Oleoylethanolamide (OEA) is a satiety factor that controls motivational responses to dietary fat. Here we show that alcohol administration causes the release of OEA in rodents, which in turn reduces alcohol consumption by engaging peroxisome proliferator-activated receptor-alpha (PPAR-α). This effect appears to rely on peripheral signaling mechanisms as alcohol self-administration is unaltered by intracerebral PPAR-α agonist administration, and the lesion of sensory afferent fibers (by capsaicin) abrogates the effect of systemically administered OEA on alcohol intake. Additionally, OEA is shown to block cue-induced reinstatement of alcohol-seeking behavior (an animal model of relapse) and reduce the severity of somatic withdrawal symptoms in alcohol-dependent animals. Collectively, these findings demonstrate a homeostatic role for OEA signaling in the behavioral effects of alcohol exposure and highlight OEA as a novel therapeutic target for alcohol use disorders and alcoholism.
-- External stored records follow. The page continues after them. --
(* Let $\mathbf{C}$ be a class of independence structures that contains a pregeometry independence structure $\mathcal{S}_{(M,\mathrm{cl})}$ for some pregeometry $(M,\mathrm{cl})$ satisfying (P1), (P2), (P3). Then for every set $\Sigma$ of independence atoms over $V$ and every independence atom $\phi$ over $V$, $$\Sigma\vdash_{\mathcal{I}}\phi\iff\Sigma\models_{\mathbf{C}}\phi.$$
   Context: Fix a countably infinite set $V$ of variables. An independence atom over $V$ is $\vec x\perp\vec y$ with $\vec x,\vec y$ finite (possibly empty) sequences of variables from $V$; concatenation is $\vec x\vec y$. $\Sigma\vdash_{\mathcal{I}}\phi$ means $\phi$ lies in the smallest set of independence atoms containing $\Sigma$ and closed under the rules: (a) $\vec x\perp\emptyset$; (b) from $\vec x\perp\vec y$ infer $\vec y\perp\vec x$; (c) from $\vec x\perp\vec y\vec z$ infer $\vec x\perp\vec y$; (d) from $\vec x\perp\vec y$ and $\vec x\vec y\perp\vec z$ infer $\vec x\perp\vec y\vec z$; (e) for a single variable $x$, from $x\perp x$ infer $x\perp\vec y$; (f) from $\vec x\perp\vec y$ infer $\vec u\perp\vec v$ for permutations $\vec u,\vec v$ of $\vec x,\vec y$; (g) from $\vec x y\vec z\perp\vec w$ infer $\vec x yy\vec z\perp\vec w$. An independence structure is a pair $(I,\perp)$, $I$ nonempty, $\perp$ a binary relation on finite subsets of $I$ such that (writing $\mathbf{x}\mathbf{y}=\mathbf{x}\cup\mathbf{y}$): (I1) $\mathbf{x}\perp\emptyset$; (I2) $\mathbf{x}\perp\mathbf{y}\Rightarrow\mathbf{y}\perp\mathbf{x}$; (I3) $\mathbf{x}\perp\mathbf{y}\mathbf{z}\Rightarrow\mathbf{x}\perp\mathbf{y}$; (I4) $\mathbf{x}\perp\mathbf{y}$ and $\mathbf{x}\mathbf{y}\perp\mathbf{z}$ imply $\mathbf{x}\perp\mathbf{y}\mathbf{z}$; (I5) $\mathbf{x}\perp\mathbf{x}\Rightarrow\mathbf{x}\perp\mathbf{y}$. Assignments are maps $s:V\to I$ with $s((x_0,\dots,x_{n-1}))=\{s(x_0),\dots,s(x_{n-1})\}$; $s$ satisfies $\vec x\perp\vec y$ iff $s(\vec x)\perp s(\vec y)$; $\Sigma\models_{\mathbf{C}}\phi$ means every assignment into every structure of $\mathbf{C}$ satisfying $\Sigma$ satisfies $\phi$. A pregeometry is a set $M$ with a closure operator $\mathrm{cl}$ (extensive, monotone, idempotent) satisfying Exchange (if $a\in\mathrm{cl}(A\cup\{b\})\setminus\mathrm{cl}(A)$ then $b\in\mathrm{cl}(A\cup\{a\})$) and Finite Character. Independence of a set and dimension $\dim(A)$ (cardinality of an independent $B\subseteq A$ with $A\subseteq\mathrm{cl}(B)$) are as usual; $\dim(A/C)$ is the dimension of $A$ in the pregeometry $(M,\mathrm{cl}_C)$, $\mathrm{cl}_C(X)=\mathrm{cl}(C\cup X)$. For $A,B,C\subseteq M$, $A$ is independent of $C$ over $B$ if $\dim(\vec a/B\cup C)=\dim(\vec a/B)$ for every finite tuple $\vec a$ from $A$. The pregeometry independence structure $\mathcal{S}_{(M,\mathrm{cl})}=(M,\perp)$ has $\mathbf{x}\perp\mathbf{y}$ iff $\mathbf{x}$ is independent of $\mathbf{y}$ over $\emptyset$. Properties: (P1) $\mathrm{cl}(\emptyset)\neq\emptyset$; (P2) for every finite independent $D_0\subseteq M$, $\mathrm{cl}(D_0)\neq\bigcup_{D\subsetneq D_0}\mathrm{cl}(D)$; (P3) $\dim(M)\ge\omega$. *)

(* Variables V = nat (a countably infinite set).
   Subsets of a type are predicates A -> Prop. *)
From Stdlib Require Import List Permutation.
Import ListNotations.
Set Implicit Arguments.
Oleoylethanolamide (OEA) is a satiety factor that binds to the peroxisome proliferator-activated receptor-alpha (PPARα). This bioactive lipid mediator also acts as a homeostatic signal that controls multiple aspects of the physiological adaptations to alcohol exposure. OEA production is triggered by alcohol administration, contributes to the regulation of alcohol consumption and the acute motivational response to alcohol, and reduces the severity of somatic withdrawal symptoms.